Chapter 16 Liu Ling
Liu Ling (year of birth and death unknown), the word Bolun, Peiguo (now Huaibei, Anhui) people. Famous people in the Wei and Jin dynasties.
Liu Ling is a drunkard, with a heroic drinking style, known as the "drunken marquis", a good old Zhuang Zhixue, and Ruan Ji, Ji Kang, Shan Tao, Xiang Xiu, Wang Rong and Ruan Xian are called the "Seven Sages of the Bamboo Forest", and is also the one with the lowest social status in the "Seven Sages of the Bamboo Forest". As a member of the Seven Sages of the Bamboo Forest, he was addicted to alcohol and once issued "I take heaven and earth as my building, and my house as my robe, why do you enter my robe?" Heroic words.
Liu Ling once joined the army under the shogunate of Wang Rong, the general of Jianwei, and tried his best to advocate the rule of inaction, and was dismissed for inaction. In the second year of Taishi (266), the imperial court invited Liu Ling to enter the court again as an official, but Liu Ling refused because he was unwilling to continue to be an official, and finally died.

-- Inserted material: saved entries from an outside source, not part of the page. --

Theorem mainTheorem3 (k1 k2 : nat) (M : nat -> Prop)
    (phi : seq nat -> seq nat) :
  0 < k1 -> k1 < k2 -> infinite_set M ->
  (forall s, in_kset M k1 s -> in_kset (fun _ => True) k2 (phi s)) ->
  (exists L : nat -> Prop,
      [/\ subset_of L M, infinite_set L &
        forall s1 s2, in_kset L k1 s1 -> in_kset L k1 s2 ->
          plegma_pair k1 s1 s2 ->
          ~ plegma_pair k2 (phi s1) (phi s2) /\
          ~ plegma_pair k2 (phi s2) (phi s1)])
  /\
  ~ (exists L : nat -> Prop,
      [/\ subset_of L M, infinite_set L &
        forall F : seq (seq nat),
          (forall s, s \in F -> in_kset L k1 s) ->
          plegma_family k1 F -> plegma_family k2 (map phi F)]).
Proof.
move=> k1_gt0 lt_k12 infM phi_k; split.
  have [L [LM infL unlinked]] := plegma_images_unlinked k1_gt0 lt_k12 infM phi_k.
  exists L; split=> // s1 s2 s1L s2L pl.
  by split=> pl'; apply: (unlinked s1 s2) => //; [left | right].
case=> L [LM infL families].
have phi_kL s : in_kset L k1 s -> in_kset (fun _ => True) k2 (phi s).
  by move=> sL; apply/phi_k/(in_kset_sub LM).
have [L' [L'L infL' unlinked]] := plegma_images_unlinked k1_gt0 lt_k12 infL phi_kL.
have [s1 [s2 [s1L' s2L' pl]]] := exists_plegma_pair k1 infL'.
apply: (unlinked s1 s2 s1L' s2L' pl); left.
apply: (families [:: s1; s2]) => // s; rewrite !inE => /orP [] /eqP ->;
  exact: in_kset_sub L'L _.
Qed.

The only surviving works of Liu Ling today are "Ode to Wine Virtue" and "Poems of Beimang Guesthouse". His works vividly reflect the spiritual outlook of the Wei and Jin Dynasty celebrities advocating mystery, passivity and decadence, and also show their contempt for the "famous religion" etiquette and yearning for nature.

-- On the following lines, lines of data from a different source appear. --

(* Let $m,n\in\mathbb N$ and let $A=(\alpha_{ij})$ be a real $m\times n$ matrix with $\operatorname{rank}(A)=n$. Let $\beta\in\mathbb R_m$, $\varepsilon\ge 0$ and $F\in S(A,\beta,\varepsilon)$. Let $y\in\mathbb R_n$ and $\delta\ge0$ with $\|Ay^T-\beta^T\|_\infty\le\delta$. Put $C:=F(1,\dots,1)$ and $D:=(A^T)^{\dagger}$, and fix $K>1$. Then for every $v=(v_1,\dots,v_n)\in\mathbb R_n^+$ with $K^{-1}\le v_i\le K$ for all $i=1,\dots,n$, $$|F(v)-Cv^y|\le |F(v)|\big((1+\varepsilon)K^{m\delta\|D\|}-1\big).$$
   Context: $\mathbb R^m$ denotes real column vectors of length $m$, $\mathbb R_m$ real row vectors of length $m$; $\mathbb R_m^+$ (resp. $\mathbb R_n^+$) denotes the row vectors with all entries strictly positive. For $c=(c_1,\dots,c_m)\in\mathbb R_m^+$ and $\alpha=(\alpha_1,\dots,\alpha_m)\in\mathbb R_m$, $c^\alpha:=\prod_{i=1}^m c_i^{\alpha_i}$ (similarly $v^y=\prod_j v_j^{y_j}$ for $v\in\mathbb R_n^+$, $y\in\mathbb R_n$). For a real $m\times n$ matrix $A$ with columns $\alpha_1^T,\dots,\alpha_n^T$ (so $\alpha_j\in\mathbb R_m$), $\beta\in\mathbb R_m$ and $\varepsilon\ge0$, $S(A,\beta,\varepsilon)$ is the set of all functions $F:\mathbb R_n^+\to\mathbb R$ such that $$|F(v_1c^{\alpha_1},\dots,v_nc^{\alpha_n})-F(v_1,\dots,v_n)c^\beta|\le\varepsilon|F(v_1,\dots,v_n)|c^\beta$$ for all $v_1,\dots,v_n>0$ and all $c\in\mathbb R_m^+$. $B^\dagger$ denotes the Moore–Penrose pseudoinverse of a real matrix $B$. $\|\cdot\|_\infty$ is the maximum norm on $\mathbb R^n$, $\mathbb R^m$, and for a matrix $B=(b_{ij})$, $\|B\|=\max_i\sum_j|b_{ij}|$ is the induced operator norm. *)

From Stdlib Require Import Reals.
From mathcomp Require Import all_boot.

Set Implicit Arguments.
Unset Strict Implicit.
Unset Printing Implicit Defensive.

Local Open Scope R_scope.

Definition mat (m n : nat) := 'I_m -> 'I_n -> R.
Definition vec (n : nat) := 'I_n -> R.

Definition sumR (n : nat) (f : 'I_n -> R) : R := \big[Rplus/0]_(i < n) f i.
Definition prodR (n : nat) (f : 'I_n -> R) : R := \big[Rmult/1]_(i < n) f i.
Definition maxR (n : nat) (f : 'I_n -> R) : R := \big[Rmax/0]_(i < n) f i.

Definition vpow (n : nat) (c a : vec n) : R := prodR (fun i => Rpower (c i) (a i)).

Definition posvec (n : nat) (v : vec n) : Prop := forall i, 0 < v i.

Definition transpose (m n : nat) (A : mat m n) : mat n m := fun j i => A i j.
Definition mulmat (m n p : nat) (A : mat m n) (B : mat n p) : mat m p :=
  fun i k => sumR (fun j => A i j * B j k).
Definition mat_eq (m n : nat) (A B : mat m n) : Prop := forall i j, A i j = B i j.

(* rank(A) = n for an m x n matrix: the n columns are linearly independent *)
Definition full_col_rank (m n : nat) (A : mat m n) : Prop :=
  forall x : vec n, (forall i, sumR (fun j => A i j * x j) = 0) -> forall j, x j = 0.

(* X is the Moore-Penrose pseudoinverse of B (the four Penrose equations;
   the pseudoinverse exists and is unique) *)
Definition is_pinv (p q : nat) (B : mat p q) (X : mat q p) : Prop :=
  mat_eq (mulmat (mulmat B X) B) B /\
  mat_eq (mulmat (mulmat X B) X) X /\
  mat_eq (transpose (mulmat B X)) (mulmat B X) /\
  mat_eq (transpose (mulmat X B)) (mulmat X B).

(* max norm of a vector, induced operator norm (max row sum) of a matrix *)
Definition infnorm (m : nat) (x : vec m) : R := maxR (fun i => Rabs (x i)).
Definition opnorm (m n : nat) (B : mat m n) : R :=
  maxR (fun i => sumR (fun j => Rabs (B i j))).

(* the class S(A, beta, eps); column j of A is alpha_j *)
Definition S_class (m n : nat) (A : mat m n) (beta : vec m) (eps : R)
    (F : vec n -> R) : Prop :=
  forall (v : vec n) (c : vec m), posvec v -> posvec c ->
    Rabs (F (fun j => v j * vpow c (fun i => A i j)) - F v * vpow c beta)
      <= eps * Rabs (F v) * vpow c beta.

From HB Require Import structures.
From Stdlib Require Import Reals Lra FunctionalExtensionality.
From mathcomp Require Import all_boot.

Set Implicit Arguments.
Unset Strict Implicit.
Unset Printing Implicit Defensive.

Local Open Scope R_scope.

(* Since A has full column rank, D = (A^T)^+ is a right inverse of A^T, so
   u := D (ln v) solves A^T u = ln v.  Rescaling v by c := exp(-u) moves it
   to (1,...,1), and the defining inequality of S(A,beta,eps) then gives
   |F(v) - C e^(beta.u)| <= eps |F(v)|.  On the other hand
   v^y = e^(y.A^T u) = e^((Ay).u), which differs from e^(beta.u) by the factor
   e^((Ay - beta).u), whose exponent is at most m delta |D| ln K in absolute
   value because |ln v_i| <= ln K. *)

Lemma RplusA : associative Rplus. Proof. by move=> *; ring. Qed.
HB.instance Definition _ :=
  Monoid.isComLaw.Build R 0 Rplus RplusA Rplus_comm Rplus_0_l.

Section FiniteSums.
Variable n : nat.
Implicit Types f g : 'I_n -> R.

Lemma eq_sumR f g : (forall i, f i = g i) -> sumR f = sumR g.
Proof. by move=> fg; apply: eq_bigr => i _. Qed.

Lemma sumR_mull c f : sumR (fun i => c * f i) = c * sumR f.
Proof.
rewrite /sumR; apply: (big_rec2 (fun a b => a = c * b)); first by ring.
by move=> i a b _ ->; ring.
Qed.

Lemma sumR_mulr c f : sumR (fun i => f i * c) = sumR f * c.
Proof. by rewrite -[RHS]Rmult_comm -sumR_mull; apply: eq_sumR => i; ring. Qed.

Lemma sumRB f g : sumR (fun i => f i - g i) = sumR f - sumR g.
Proof.
rewrite /sumR; apply: (big_rec3 (fun a b c => a = b - c)); first by ring.
by move=> i a b c _ ->; ring.
Qed.

Lemma sumR_const c : sumR (fun _ : 'I_n => c) = INR n * c.
Proof.
rewrite /sumR; elim: n => [|k IH]; first by rewrite big_ord0 /=; ring.
by rewrite big_ord_recr IH S_INR /=; ring.
Qed.

Lemma sumR_kronecker (j : 'I_n) f :
  sumR (fun k => (if j == k then 1 else 0) * f k) = f j.
Proof.
rewrite /sumR (bigD1 j) //= eqxx big1 ?Rplus_0_r ?Rmult_1_l //.
by move=> k /negbTE kj; rewrite eq_sym kj; ring.
Qed.

Lemma exchange_sumR p (F : 'I_n -> 'I_p -> R) :
  sumR (fun i => sumR (F i)) = sumR (fun k => sumR (fun i => F i k)).
Proof. exact: exchange_big. Qed.

Lemma ler_sumR f g : (forall i, f i <= g i) -> sumR f <= sumR g.
Proof.
move=> fg; apply: (big_ind2 (fun a b => a <= b)) => //; first lra.
by move=> *; lra.
Qed.

Lemma Rabs_sumR_le f : Rabs (sumR f) <= sumR (fun i => Rabs (f i)).
Proof.
apply: (big_ind2 (fun a b => Rabs a <= b)) => [|a b c d ab cd|i _].
- by rewrite Rabs_R0; lra.
- by apply: Rle_trans (Rabs_triang _ _) _; lra.
- lra.
Qed.

Lemma prodR_exp f : prodR (fun i => exp (f i)) = exp (sumR f).
Proof.
rewrite /prodR /sumR; apply: (big_rec2 (fun a b => a = exp b)).
  by rewrite exp_0.
by move=> i a b _ ->; rewrite exp_plus.
Qed.

Lemma maxR_ge f i : f i <= maxR f.
Proof.
rewrite /maxR; elim: (index_enum _) (mem_index_enum i) => [|k r IH] //.
rewrite inE big_cons => /orP [/eqP <-|ir]; first exact: Rmax_l.
exact: Rle_trans (IH ir) (Rmax_r _ _).
Qed.

Lemma maxR_ge0 f : 0 <= maxR f.
Proof.
apply: (big_rec (fun a => 0 <= a)); first lra.
by move=> i a _ a_ge0; apply: Rle_trans a_ge0 (Rmax_r _ _).
Qed.

Lemma maxR_le f c : 0 <= c -> (forall i, f i <= c) -> maxR f <= c.
Proof.
move=> c_ge0 fc; apply: (big_rec (fun a => a <= c)) => // i a _ ac.
exact: Rmax_lub.
Qed.

End FiniteSums.

Definition matvec m n (A : mat m n) (x : vec n) : vec m :=
  fun i => sumR (fun j => A i j * x j).
Definition dot n (x y : vec n) : R := sumR (fun i => x i * y i).
Definition idmat n : mat n n := fun j k => if j == k then 1 else 0.
Arguments idmat {n}.
Definition vlog n (v : vec n) : vec n := fun i => ln (v i).

Lemma matvec_mulmat m n p (A : mat m n) (B : mat n p) (x : vec p) i :
  matvec (mulmat A B) x i = matvec A (matvec B x) i.
Proof.
rewrite /matvec /mulmat.
under eq_sumR => k do rewrite -sumR_mulr.
rewrite exchange_sumR; apply: eq_sumR => j.
by rewrite -sumR_mull; apply: eq_sumR => k; ring.
Qed.

Lemma matvec_idmat n (x : vec n) i : matvec idmat x i = x i.
Proof. exact: sumR_kronecker. Qed.

Lemma dot_matvec_transpose p q (B : mat p q) (x : vec q) (u : vec p) :
  dot x (matvec (transpose B) u) = dot (matvec B x) u.
Proof.
rewrite /dot /matvec /transpose.
under eq_sumR => j do rewrite -sumR_mull.
rewrite exchange_sumR; apply: eq_sumR => i.
by rewrite -sumR_mulr; apply: eq_sumR => j; ring.
Qed.

Lemma dotBl n (x y u : vec n) :
  dot (fun i => x i - y i) u = dot x u - dot y u.
Proof. by rewrite /dot -sumRB; apply: eq_sumR => i; ring. Qed.

Lemma infnorm_ge0 n (x : vec n) : 0 <= infnorm x.
Proof. exact: maxR_ge0. Qed.

Lemma Rabs_le_infnorm n (x : vec n) i : Rabs (x i) <= infnorm x.
Proof. exact: (maxR_ge (fun i => Rabs (x i)) i). Qed.

Lemma Rabs_dot_le n (x y : vec n) :
  Rabs (dot x y) <= INR n * infnorm x * infnorm y.
Proof.
apply: Rle_trans (Rabs_sumR_le _) _.
rewrite Rmult_assoc -sumR_const; apply: ler_sumR => i.
rewrite Rabs_mult.
exact: Rmult_le_compat (Rabs_pos _) (Rabs_pos _) (Rabs_le_infnorm x i)
  (Rabs_le_infnorm y i).
Qed.

Lemma infnorm_matvec_le m n (A : mat m n) (x : vec n) :
  infnorm (matvec A x) <= opnorm A * infnorm x.
Proof.
apply: maxR_le => [|i].
  exact: Rmult_le_pos (maxR_ge0 _) (infnorm_ge0 x).
apply: Rle_trans (Rabs_sumR_le _) _.
apply: Rle_trans (_ : sumR (fun j => Rabs (A i j) * infnorm x) <= _).
  apply: ler_sumR => j; rewrite Rabs_mult.
  exact: Rmult_le_compat_l (Rabs_pos _) (Rabs_le_infnorm x j).
rewrite sumR_mulr; apply: Rmult_le_compat_r (infnorm_ge0 x) _.
exact: (maxR_ge (fun i => sumR (fun j => Rabs (A i j))) i).
Qed.

Lemma vpow_exp n (c a : vec n) : vpow c a = exp (dot a (vlog c)).
Proof. exact: prodR_exp. Qed.

Lemma vpow_exp_opp n (u a : vec n) :
  vpow (fun i => exp (- u i)) a = exp (- dot a u).
Proof.
rewrite vpow_exp /dot; congr exp.
rewrite (_ : - _ = -1 * sumR (fun i => a i * u i)); last ring.
by rewrite -sumR_mull; apply: eq_sumR => i; rewrite /vlog ln_exp; ring.
Qed.

Lemma inner_inverse_right_inverse p q (B : mat p q) (X : mat q p) :
  full_col_rank (transpose B) -> mat_eq (mulmat (mulmat B X) B) B ->
  mat_eq (mulmat B X) idmat.
Proof.
move=> BT_rank BXB j k.
suff row_kernel : forall i, matvec (transpose B) (fun l => mulmat B X j l - idmat j l) i = 0.
  by have := BT_rank _ row_kernel k; lra.
move=> i; rewrite /matvec /transpose.
rewrite (@eq_sumR _ _ (fun l => mulmat B X j l * B l i - idmat j l * B l i)) => [|l];
  last by ring.
by rewrite sumRB sumR_kronecker -(BXB j i); apply: Rminus_diag_eq.
Qed.

Lemma matvec_inner_inverse_right p q (B : mat p q) (X : mat q p) (w : vec p) i :
  full_col_rank (transpose B) -> mat_eq (mulmat (mulmat B X) B) B ->
  matvec B (matvec X w) i = w i.
Proof.
move=> BT_rank BXB; rewrite -matvec_mulmat -[w i]matvec_idmat /matvec.
by apply: eq_sumR => j; rewrite (inner_inverse_right_inverse BT_rank BXB).
Qed.

Lemma exp_le x y : x <= y -> exp x <= exp y.
Proof. by case=> [/exp_increasing|->]; lra. Qed.

Lemma ln_le x y : 0 < x -> x <= y -> ln x <= ln y.
Proof. by move=> x_gt0 [/(ln_increasing _ _ x_gt0)|->]; lra. Qed.

Lemma infnorm_vlog_le n (v : vec n) K :
  1 <= K -> (forall i, / K <= v i <= K) -> infnorm (vlog v) <= ln K.
Proof.
move=> K_ge1 vK; have K_gt0 : 0 < K by lra.
apply: maxR_le => [|i]; first by rewrite -ln_1; apply: ln_le; lra.
have [lo hi] := vK i; have Kinv_gt0 := Rinv_0_lt_compat _ K_gt0.
have := ln_le Kinv_gt0 lo; rewrite ln_Rinv // => ln_lo.
have := ln_le (Rlt_le_trans _ _ _ Kinv_gt0 lo) hi => ln_hi.
by apply: Rabs_le; rewrite /vlog; lra.
Qed.

(* For s < 0 write 1 - e^s = e^s (e^(-s) - 1) <= e^(-s) - 1. *)
Lemma Rabs_1_sub_exp_le s t : Rabs s <= t -> Rabs (1 - exp s) <= exp t - 1.
Proof.
move=> st; have le_s : s <= t := Rle_trans _ _ _ (Rle_abs s) st.
have le_ms : - s <= t by rewrite -Rabs_Ropp in st; apply: Rle_trans (Rle_abs _) st.
have [s_ge0|s_lt0] := Rle_or_lt 0 s.
  have es_ge1 : 1 <= exp s by rewrite -exp_0; apply: exp_le.
  by rewrite Rabs_left1; have := exp_le le_s; lra.
have es_le1 : exp s <= 1 by rewrite -exp_0; apply: exp_le; lra.
have ems_ge1 : 1 <= exp (- s) by rewrite -exp_0; apply: exp_le; lra.
have factor : 1 - exp s = exp s * (exp (- s) - 1).
  by rewrite Rmult_minus_distr_l -exp_plus Rplus_opp_r exp_0; ring.
rewrite Rabs_right factor; last lra.
by have := exp_pos s; have := exp_le le_ms; nra.
Qed.

Lemma Rabs_sub_mul_exp_le x C a b t eps :
  0 <= eps -> Rabs (x - C * exp b) <= eps * Rabs x -> Rabs (a - b) <= t ->
  Rabs (x - C * exp a) <= Rabs x * ((1 + eps) * exp t - 1).
Proof.
move=> eps_ge0 near_b ab_t.
have Ceb_le : Rabs (C * exp b) <= (1 + eps) * Rabs x.
  have := Rabs_triang_inv (C * exp b) x; rewrite Rabs_minus_sym; lra.
have split_a : x - C * exp a = (x - C * exp b) + C * exp b * (1 - exp (a - b)).
  have exp_a : exp a = exp b * exp (a - b) by rewrite -exp_plus; congr exp; ring.
  by rewrite exp_a; ring.
rewrite split_a; apply: Rle_trans (Rabs_triang _ _) _; rewrite Rabs_mult.
have := Rabs_1_sub_exp_le ab_t => exp_ab.
have := Rmult_le_compat _ _ _ _ (Rabs_pos _) (Rabs_pos _) Ceb_le exp_ab.
lra.
Qed.

Lemma S_class_rescale_to_ones m n (A : mat m n) beta eps F (v : vec n) (u : vec m) :
  S_class A beta eps F -> posvec v ->
  (forall j, matvec (transpose A) u j = ln (v j)) ->
  Rabs (F v - F (fun _ => 1) * exp (dot beta u)) <= eps * Rabs (F v).
Proof.
move=> FS v_pos ATu.
have := FS v (fun i => exp (- u i)) v_pos (fun i => exp_pos _).
have -> : (fun j => v j * vpow (fun i => exp (- u i)) (fun i => A i j)) = (fun _ => 1).
  apply: functional_extensionality => j.
  rewrite vpow_exp_opp [dot _ _]ATu exp_Ropp exp_ln //.
  by apply: Rinv_r; have := v_pos j; lra.
rewrite vpow_exp_opp exp_Ropp => scaled.
have eb_gt0 := exp_pos (dot beta u).
have -> : F v - F (fun _ => 1) * exp (dot beta u)
          = - (exp (dot beta u) * (F (fun _ => 1) - F v * / exp (dot beta u))).
  by field; lra.
rewrite Rabs_Ropp Rabs_mult Rabs_right; last lra.
apply: Rle_trans (Rmult_le_compat_l _ _ _ (Rlt_le _ _ eb_gt0) scaled) _.
by right; field; lra.
Qed.

Theorem theorem3p1 (m n : nat) (A : mat m n) (beta : vec m) (eps : R)
    (F : vec n -> R) (y : vec n) (delta K : R) (D : mat m n) :
  full_col_rank A ->
  0 <= eps ->
  S_class A beta eps F ->
  0 <= delta ->
  infnorm (fun i => sumR (fun j => A i j * y j) - beta i) <= delta ->
  is_pinv (transpose A) D ->
  1 < K ->
  forall v : vec n, posvec v -> (forall i, / K <= v i <= K) ->
    Rabs (F v - F (fun _ => 1) * vpow v y)
      <= Rabs (F v) * ((1 + eps) * Rpower K (INR m * delta * opnorm D) - 1).
Proof.
move=> A_rank eps_ge0 FS delta_ge0 residual_le D_pinv K_gt1 v v_pos vK.
set u := matvec D (vlog v).
have ATu : forall j, matvec (transpose A) u j = ln (v j).
  by move=> j; apply: matvec_inner_inverse_right (proj1 D_pinv).
have vy : vpow v y = exp (dot (matvec A y) u).
  by rewrite vpow_exp -dot_matvec_transpose; congr exp; apply: eq_sumR => j;
     rewrite ATu.
have u_le : infnorm u <= opnorm D * ln K.
  apply: Rle_trans (infnorm_matvec_le _ _) _.
  apply: Rmult_le_compat_l (maxR_ge0 _) (infnorm_vlog_le (Rlt_le _ _ K_gt1) vK).
rewrite vy /Rpower; apply: Rabs_sub_mul_exp_le eps_ge0
  (S_class_rescale_to_ones FS v_pos ATu) _.
rewrite -dotBl; apply: Rle_trans (Rabs_dot_le _ _) _.
rewrite !Rmult_assoc; apply: Rmult_le_compat_l (pos_INR m) _.
exact: Rmult_le_compat (infnorm_ge0 _) (infnorm_ge0 _) residual_le u_le.
Qed.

Liu Ling is six feet tall (less than one meter five) and has a very ugly appearance. Unbridled sentimentality, often in the universe to reconcile all things as the intention, never indiscriminately interact with people, taciturn, indifferent to human feelings, only with Ruan Ji, Ji Kang has a very good relationship, when they meet, they talk and laugh, very speculative, hand in hand to travel the landscape, for whether there is a family property at all.
In the early years of Taishi (265), Liu Ling served as a member of the army under the shogunate of Wang Rong, a general of Jianwei. After the establishment of the Jin Dynasty, he participated in countermeasures and tried his best to advocate the rule of inaction. People of the same generation were all promoted because of their excellent assessments, but Liu Ling was dismissed because of inaction.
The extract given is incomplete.